(Records shown)

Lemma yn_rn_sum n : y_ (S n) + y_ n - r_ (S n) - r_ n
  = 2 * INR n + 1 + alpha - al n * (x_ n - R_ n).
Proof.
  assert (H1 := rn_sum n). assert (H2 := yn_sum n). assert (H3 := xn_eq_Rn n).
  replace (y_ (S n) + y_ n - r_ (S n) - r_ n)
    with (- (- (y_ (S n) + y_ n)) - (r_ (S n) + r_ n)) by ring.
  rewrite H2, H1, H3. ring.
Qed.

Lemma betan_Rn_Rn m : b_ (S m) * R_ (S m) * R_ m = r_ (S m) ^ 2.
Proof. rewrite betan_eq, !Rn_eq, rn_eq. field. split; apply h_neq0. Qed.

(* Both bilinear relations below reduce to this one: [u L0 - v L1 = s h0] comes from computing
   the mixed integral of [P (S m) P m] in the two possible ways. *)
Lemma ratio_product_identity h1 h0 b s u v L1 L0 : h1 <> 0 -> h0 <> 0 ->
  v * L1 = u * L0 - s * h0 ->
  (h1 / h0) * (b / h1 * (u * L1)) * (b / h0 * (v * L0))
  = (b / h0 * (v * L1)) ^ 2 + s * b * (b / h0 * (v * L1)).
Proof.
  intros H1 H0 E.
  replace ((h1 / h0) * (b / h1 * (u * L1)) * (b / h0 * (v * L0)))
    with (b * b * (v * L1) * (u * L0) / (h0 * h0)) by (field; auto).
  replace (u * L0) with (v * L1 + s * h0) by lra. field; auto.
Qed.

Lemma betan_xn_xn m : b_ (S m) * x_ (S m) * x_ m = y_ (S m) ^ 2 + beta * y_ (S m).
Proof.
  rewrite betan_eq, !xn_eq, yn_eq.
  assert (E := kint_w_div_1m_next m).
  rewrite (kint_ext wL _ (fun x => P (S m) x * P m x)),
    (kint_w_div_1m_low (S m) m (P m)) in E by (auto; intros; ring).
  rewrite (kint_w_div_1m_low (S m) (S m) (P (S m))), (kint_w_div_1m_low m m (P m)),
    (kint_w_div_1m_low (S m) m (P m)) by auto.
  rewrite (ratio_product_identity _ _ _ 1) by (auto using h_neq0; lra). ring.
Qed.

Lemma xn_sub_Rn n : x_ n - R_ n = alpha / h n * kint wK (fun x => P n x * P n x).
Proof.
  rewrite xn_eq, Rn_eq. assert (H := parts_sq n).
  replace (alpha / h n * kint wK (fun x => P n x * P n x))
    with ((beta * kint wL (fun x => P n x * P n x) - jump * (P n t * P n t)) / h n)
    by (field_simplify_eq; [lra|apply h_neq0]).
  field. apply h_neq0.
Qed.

(End Records shown)

■ Exercise directions
Which of the lines above hold the word "alpha"? Copy each one.

■ Result
  = 2 * INR n + 1 + alpha - al n * (x_ n - R_ n).
Lemma xn_sub_Rn n : x_ n - R_ n = alpha / h n * kint wK (fun x => P n x * P n x).
  replace (alpha / h n * kint wK (fun x => P n x * P n x))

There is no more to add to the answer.